They have great beers but none that I will ever pay for again. Micro beer costs twice as much - I understand that things can go wrong - but the service must come with the quality.

Thats my sook for the day. Anyone else had problems like this?


----------



## Hutch (4/9/07)

Hey bear09,

That just compounds my belief that Grand Ridge aren't worth wasting your money on - I once bought a mixed 6-pack of their "most highly awarded" beers, and not a single bottle was enjoyable (the "pilsner" tasted like vegemite) - and I bought the beers from them at the melbourne microbrewery showcase - so no questions about freshness there!
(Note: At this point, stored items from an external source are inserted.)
Lemma inv_dir_sum_diff_le (eps : R) : eps <= a1 -> eps <= a2 -> eps <= b1 -> eps <= b2 ->
  Rabs (/ (a1 + a2) - / (b1 + b2)) * ((b1 + b2) * L') <= (1 - eps) * (2 * u).
Proof.
  intros e_a1 e_a2 e_b1 e_b2.
  destruct (dir_coords_le1 a1 a2) as [a1_le1 a2_le1]; auto.
  destruct (dir_coords_le1 b1 b2) as [b1_le1 b2_le1]; auto.
  assert (sum_diff := dir_sum_diff_le a1 a2 b1 b2 a1_pos a2_pos a_unit b1_pos b2_pos b_unit
                        (1 - eps)
                        ltac:(apply Rabs_le; lra) ltac:(apply Rabs_le; lra)).
  assert (cross := chords_cross_le).
  assert (1 <= a1 + a2) by (apply dir_sum_ge1; auto).
  assert (1 <= b1 + b2) by (apply dir_sum_ge1; auto).
  assert (scaled : Rabs (/ (a1 + a2) - / (b1 + b2)) * ((b1 + b2) * L') * (a1 + a2)
                   = Rabs ((b1 + b2) - (a1 + a2)) * L').
  { replace (/ (a1 + a2) - / (b1 + b2))
      with (((b1 + b2) - (a1 + a2)) * / ((a1 + a2) * (b1 + b2))) by (field; lra).
    rewrite Rabs_mult, Rabs_inv, (Rabs_pos_eq ((a1 + a2) * (b1 + b2))) by nra.
    field; lra. }
  apply (Rmult_le_reg_r (a1 + a2)); [lra |].
  rewrite scaled.
  pose proof (Rabs_pos (a1 * b2 - a2 * b1)).
  nra.
Qed.

End TwoChords.

Lemma side_pos (s : nat) : 0 < side s.
Proof. apply pow_lt; lra. Qed.

Lemma side_le1 (s : nat) : side s <= 1.
Proof. rewrite <- (pow1 s); apply pow_incr; lra. Qed.

Lemma side_le_sqrt_side (s : nat) : side s <= sqrt (side s).
Proof.
  pose proof (side_pos s); pose proof (side_le1 s); pose proof (sqrt_pos (side s)).
  assert (sqrt (side s) <= 1) by (rewrite <- sqrt_1; apply sqrt_le_1; lra).
  rewrite <- (pow2_sqrt (side s)) at 1 by lra.
  nra.
Qed.

Lemma side_regimes (s : nat) :
  1 / 32 <= side s \/ side s = 1 / 64 \/ side s = 1 / 128 \/ side s <= 1 / 256.
Proof.
  do 8 (destruct s as [| s]; [unfold side; simpl; lra |]).
  right; right; right.
  replace (S (S (S (S (S (S (S (S s)))))))) with (8 + s)%nat by lia.
  unfold side; rewrite pow_add.
  pose proof (side_le1 s); pose proof (side_pos s); unfold side in *.
  simpl; nra.
Qed.

Definition diagonal_chord (u D1 D2 : R) : Prop :=
  exists t r1 r2, 0 < r1 /\ 0 < r2 /\ r1 ^ 2 + r2 ^ 2 = 1 /\
    Rpower u (/ 5) <= r1 /\ Rpower u (/ 5) <= r2 /\
    Rabs (t * r1 - D1) <= u /\ Rabs (t * r2 - D2) <= u.

Section DirectionSums.
Variables (u D1 D2 L a1 a2 L' b1 b2 : R).
Hypotheses (u_pos : 0 < u) (D1_ge0 : 0 <= D1) (D2_ge0 : 0 <= D2) (D_long : u <= D1 ^ 2 + D2 ^ 2).
Hypotheses (a1_pos : 0 < a1) (a2_pos : 0 < a2) (a_unit : a1 ^ 2 + a2 ^ 2 = 1).
Hypotheses (b1_pos : 0 < b1) (b2_pos : 0 < b2) (b_unit : b1 ^ 2 + b2 ^ 2 = 1).
Hypotheses (L_pos : 0 < L) (L'_pos : 0 < L').
Hypotheses (La1 : Rabs (L * a1 - D1) <= u) (La2 : Rabs (L * a2 - D2) <= u).
Hypotheses (Lb1 : Rabs (L' * b1 - D1) <= u) (Lb2 : Rabs (L' * b2 - D2) <= u).
Hypothesis diagonal : diagonal_chord u D1 D2.

Lemma chord_len_ge_sqrt_side (K c1 c2 : R) : 0 <= K -> c1 ^ 2 + c2 ^ 2 = 1 ->
  Rabs (K * c1 - D1) <= u -> Rabs (K * c2 - D2) <= u -> sqrt u - sqrt 2 * u <= K.
Proof.
  intros. apply (chord_len_ge u D1 D2 K c1 c2); auto; [apply sqrt_pos |].
  rewrite pow2_sqrt; lra.
Qed.

Lemma chord_dirs_ge_diagonal (eps : R) : u <= 1 / 64 -> 0 <= eps <= Rpower u (/ 5) ->
  2 * u + 2 * sqrt 2 * u * eps <= (sqrt u - sqrt 2 * u) * (Rpower u (/ 5) - eps) ->
  eps <= a1 /\ eps <= a2 /\ eps <= b1 /\ eps <= b2.
Proof.
  intros u_small heps hcond.
  destruct diagonal as (t & r1 & r2 & r1_pos & r2_pos & r_unit & w_r1 & w_r2 & Tr1 & Tr2).
  assert (t_pos : 0 < t) by (apply (chord_len_pos u D1 D2 t r1 r2); auto; nra).
  assert (t_long : sqrt u - sqrt 2 * u <= t) by (apply (chord_len_ge_sqrt_side t r1 r2); auto; lra).
  destruct (chord_dirs_ge u D1 D2 L a1 a2 t r1 r2 a_unit r_unit La1 La2 Tr1 Tr2
              ltac:(lra) _ _ eps L_pos w_r1 w_r2 t_long heps hcond).
  destruct (chord_dirs_ge u D1 D2 L' b1 b2 t r1 r2 b_unit r_unit Lb1 Lb2 Tr1 Tr2
              ltac:(lra) _ _ eps L'_pos w_r1 w_r2 t_long heps hcond).
  auto.
Qed.

Lemma dir_sums_close_large : 1 / 32 <= u -> u <= 1 ->
  2 * u + 2 * Rabs (/ (a1 + a2) - / (b1 + b2)) <= sqrt 2 * u + 4 * sqrt u.
Proof.
  intros u_large u_le1.
  assert (coarse := inv_dir_sum_diff_le_of_sum_ge a1 a2 b1 b2 a1_pos a2_pos a_unit
                      b1_pos b2_pos b_unit 1 ltac:(lra)
                      ltac:(apply dir_sum_ge1; auto) ltac:(apply dir_sum_ge1; auto)).
  pose proof sqrt2_bounds; pose proof (pow2_sqrt u ltac:(lra)); pose proof (sqrt_pos u).
  assert (sqrt u <= 1) by (apply pow2_le_reg; lra).
  assert (0.176 <= sqrt u) by (apply Rnot_lt_le; intro; nra).
  assert ((sqrt u - 0.176) * (sqrt u - 1) <= 0) by nra.
  rewrite Rinv_1 in coarse. nra.
Qed.

Lemma dir_sums_close_64 : u = 1 / 64 ->
  2 * u + 2 * Rabs (/ (a1 + a2) - / (b1 + b2)) <= sqrt 2 * u + 4 * sqrt u.
Proof.
  intros hu.
  assert (x_eq : sqrt u = 1 / 8)
    by (rewrite hu, <- (sqrt_pow2 (1 / 8)) by lra; f_equal; field).
  assert (0.43 <= Rpower u (/ 5)) by (apply Rpower_inv5_ge; lra).
  pose proof sqrt2_bounds.
  destruct (chord_dirs_ge_diagonal 0.08) as (e_a1 & e_a2 & e_b1 & e_b2);
    [lra | lra | rewrite x_eq; nra |].
  assert (1.076 <= a1 + a2)
    by (apply (dir_sum_ge a1 a2) with (e := 0.08); auto; lra).
  assert (1.076 <= b1 + b2)
    by (apply (dir_sum_ge b1 b2) with (e := 0.08); auto; lra).
  assert (coarse := inv_dir_sum_diff_le_of_sum_ge a1 a2 b1 b2 a1_pos a2_pos a_unit
                      b1_pos b2_pos b_unit 1.076 ltac:(lra) ltac:(lra) ltac:(lra)).
  rewrite x_eq, hu; lra.
Qed.

Lemma dir_sums_close_128 : u = 1 / 128 ->
  2 * u + 2 * Rabs (/ (a1 + a2) - / (b1 + b2)) <= sqrt 2 * u + 4 * sqrt u.
Proof.
  intros hu.
  pose proof sqrt2_bounds; pose proof (pow2_sqrt u ltac:(lra)); pose proof (sqrt_pos u).
  assert (0.08838 <= sqrt u <= 0.08839)
    by (split; [apply Rnot_lt_le; intro; nra | apply pow2_le_reg; lra]).
  assert (0.378 <= Rpower u (/ 5)) by (apply Rpower_inv5_ge; lra).
  assert (0.011 <= sqrt 2 * u <= 0.01105) by (rewrite hu; lra).
  destruct (chord_dirs_ge_diagonal 0.13) as (e_a1 & e_a2 & e_b1 & e_b2); [lra | lra | nra |].
  assert (1.12 <= b1 + b2)
    by (apply (dir_sum_ge b1 b2) with (e := 0.13); auto; lra).
  assert (sqrt u - sqrt 2 * u <= L') by (apply (chord_len_ge_sqrt_side L' b1 b2); auto; lra).
  assert (fine := inv_dir_sum_diff_le u D1 D2 L a1 a2 L' b1 b2 a1_pos a2_pos a_unit
                    b1_pos b2_pos b_unit La1 La2 Lb1 Lb2 ltac:(lra) 0.13 e_a1 e_a2 e_b1 e_b2).
  pose proof (Rabs_pos (/ (a1 + a2) - / (b1 + b2))).
  assert (Rabs (/ (a1 + a2) - / (b1 + b2)) * (1.12 * 0.0773)
          <= Rabs (/ (a1 + a2) - / (b1 + b2)) * ((b1 + b2) * L'))
    by (apply Rmult_le_compat_l; nra).
  lra.
Qed.

Lemma dir_sums_close_small : u <= 1 / 256 ->
  2 * u + 2 * Rabs (/ (a1 + a2) - / (b1 + b2)) <= sqrt 2 * u + 4 * sqrt u.
Proof.
  intros u_small.
  pose proof sqrt2_bounds; pose proof sqrt2_sq.
  assert (x_pos : 0 < sqrt u) by (apply sqrt_lt_R0, u_pos).
  assert (x_small : sqrt u <= 1 / 16) by (apply pow2_le_reg; [lra | rewrite pow2_sqrt; lra]).
  assert (w_ge : 5 * sqrt u <= Rpower u (/ 5)).
  { assert (w_pow := Rpower_inv5_pow u u_pos).
    assert (Rpower u (/ 5) <= 0.33) by (apply Rpower_inv5_le; lra).
    set (w := Rpower u (/ 5)) in *.
    assert (0 < w) by apply exp_pos.
    assert (w ^ 3 <= 0.33 ^ 3) by (apply pow_incr; lra).
    apply pow2_le_reg; [lra |].
    replace ((5 * sqrt u) ^ 2) with (25 * sqrt u ^ 2) by ring.
    rewrite pow2_sqrt, <- w_pow by lra.
    replace (w ^ 5) with (w ^ 3 * w ^ 2) by ring.
    pose proof (pow2_ge_0 w); nra. }
  assert (x_sq : sqrt u ^ 2 = u) by (apply pow2_sqrt; lra).
  assert (r2x : sqrt 2 * sqrt u <= 0.09) by nra.
  assert (V_eq : sqrt u - sqrt 2 * u = sqrt u * (1 - sqrt 2 * sqrt u))
    by (rewrite <- x_sq at 2; ring).
  assert (V_pos : 0 < sqrt u - sqrt 2 * u) by (rewrite V_eq; apply Rmult_lt_0_compat; lra).
  destruct (chord_dirs_ge_diagonal (2 * sqrt u)) as (e_a1 & e_a2 & e_b1 & e_b2); [lra | lra | |].
  { assert ((sqrt u - sqrt 2 * u) * (3 * sqrt u)
            <= (sqrt u - sqrt 2 * u) * (Rpower u (/ 5) - 2 * sqrt u))
      by (apply Rmult_le_compat_l; lra).
    assert (0 <= u * (1 - 7 * sqrt 2 * sqrt u)) by (apply Rmult_le_pos; lra).
    nra. }
  assert (1 <= b1 + b2) by (apply dir_sum_ge1; auto).
  assert (sqrt u - sqrt 2 * u <= L') by (apply (chord_len_ge_sqrt_side L' b1 b2); auto; lra).
  assert (fine := inv_dir_sum_diff_le u D1 D2 L a1 a2 L' b1 b2 a1_pos a2_pos a_unit
                    b1_pos b2_pos b_unit La1 La2 Lb1 Lb2 ltac:(lra) (2 * sqrt u)
                    e_a1 e_a2 e_b1 e_b2).
  set (G := Rabs (/ (a1 + a2) - / (b1 + b2))) in *.
  assert (G_ge0 : 0 <= G) by apply Rabs_pos.
  assert (G * (sqrt u - sqrt 2 * u) <= (1 - 2 * sqrt u) * (2 * u))
    by (eapply Rle_trans; [apply Rmult_le_compat_l | exact fine]; nra).
  apply (Rmult_le_reg_r (sqrt u - sqrt 2 * u)); [exact V_pos |].
  assert (0 <= u * sqrt u * (3 + sqrt 2 * sqrt u)) by (apply Rmult_le_pos; nra).
  nra.
Qed.

Lemma dir_sums_close (s : nat) : u = side s ->
  2 * u + 2 * Rabs (/ (a1 + a2) - / (b1 + b2)) <= sqrt 2 * u + 4 * sqrt u.
Proof.
  intros hu.
  destruct (side_regimes s) as [h | [h | [h | h]]]; rewrite <- hu in h.
  - apply dir_sums_close_large; [exact h | rewrite hu; apply side_le1].
  - exact (dir_sums_close_64 h).
  - exact (dir_sums_close_128 h).
  - exact (dir_sums_close_small h).
Qed.

End DirectionSums.

Lemma box_index_bound (s k : nat) : (k < 2 ^ s)%nat -> (INR k + 1) * side s <= 1.
Proof.
  intros hk.
  assert (INR k + 1 <= 2 ^ s).
  { rewrite <- S_INR, <- (pow_INR 2); simpl INR at 2; replace (1 + 1) with 2 by lra.
    apply le_INR; lia. }
  replace 1 with (2 ^ s * side s) at 2
    by (unfold side; rewrite <- Rpow_mult_distr, Rinv_r, pow1; lra).
  apply Rmult_le_compat_r; [apply Rlt_le, side_pos | easy].
Qed.

Lemma box_sum_bounds (s i j : nat) (p : pt) : is_box s i j -> in_box s i j p ->
  0 <= fst p + snd p <= 2.
Proof.
  intros [hi hj] [hx hy].
  pose proof (box_index_bound s i hi); pose proof (box_index_bound s j hj).
  pose proof (pos_INR i); pose proof (pos_INR j); pose proof (side_pos s).
  split; nra.
Qed.

Lemma center_in_box (s i j : nat) : in_box s i j (center s i j).
Proof. pose proof (side_pos s); unfold in_box, center; simpl; lra. Qed.

Lemma in_box_near_center (s i j : nat) (p : pt) : in_box s i j p ->
  Rabs (fst p - fst (center s i j)) <= side s / 2 /\
  Rabs (snd p - snd (center s i j)) <= side s / 2.
Proof. intros [hx hy]; unfold center; simpl; split; apply Rabs_le; lra. Qed.

Lemma in_box_sum_diff (s i j : nat) (p p' : pt) : in_box s i j p -> in_box s i j p' ->
  Rabs ((fst p + snd p) - (fst p' + snd p')) <= 2 * side s.
Proof. intros [hx hy] [hx' hy']; apply Rabs_le; lra. Qed.

Lemma in_box_sum_near_center (s i j : nat) (p : pt) : in_box s i j p ->
  Rabs ((fst p + snd p) - (fst (center s i j) + snd (center s i j))) <= side s.
Proof. intros [hx hy]; unfold center; simpl; apply Rabs_le; lra. Qed.

Lemma on_line_param (b a : pt) (lam : R) (p : pt) : line_L b a -> on_line b a lam p ->
  lam = (fst p + snd p) / (fst a + snd a).
Proof. intros (hb & a1_pos & a2_pos & _) ->; simpl; field_simplify_eq; lra. Qed.

Lemma on_line_sub (b a : pt) (l1 l2 : R) (p1 p2 : pt) :
  on_line b a l1 p1 -> on_line b a l2 p2 ->
  fst p2 - fst p1 = (l2 - l1) * fst a /\ snd p2 - snd p1 = (l2 - l1) * snd a.
Proof. intros -> ->; simpl; split; ring. Qed.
I just don't think there's room for underperforming microbreweries in the current quality-driven market.

Thats my 2c rant!


----------



## ozpowell (4/9/07)

bear09 said:


> Hey all I was just reading about Mountain Goat Pale and some of the bad stories - it happens. I still buy the beer even though I have been stung. The guys there seem to have a wonderful attitude and when I took mine back I got it changed no worries. Grand Ridge - different story. I bought a 6 pack of yarra valley gold and was very exited to show my old man as I am desperatley trying to convert him from K&K to all grain. They were off really badly. Tasted like medicine. So I thought I would do the right thing. I packaged the beers up and wrote them a letter. I put all the serial numbers on it and all the other information. It was also strange that that bottles were filled to the brim - no air space whatsoever. It cost me $9 to send the package - I never heard a thing back. I specifically asked them to contact me - nothing. I gave them all the details and took the time to do the right thing - nothing.
> They have great beers but none that I will ever pay for again. Micro beer costs twice as much - I understand that things can go wrong - but the service must come with the quality.
> 
> Thats my sook for the day. Anyone else had problems like this?



Bought a 6 pack of the Grand Ridge Brewer's Pilsener from Dan Murph's about 6 months back every one of them was off - gushers with lots of brown floaties. Didn't take them back, but did send G.R. an email about the problem - also never heard back. I've since bought more G.R. beers (mostly Yarra Gold and Moonshine), but haven't dared buy the pilsener again....

Cheers,
Michael.


----------



## Fents (4/9/07)

I'd ring them and hassle the beejusus outta them.

I send shit back all the time if its not right. Last time i brought a pack of Dim Sims from an IGA and they were green...mouldy...disgusting.

Few letters and a few phonecalls later i had a rep on my door begging to give me a whole box of the things. So i made sure they were fresh and got 13 packets (24 in a pack) od dimmies...im still steaming the bloody things!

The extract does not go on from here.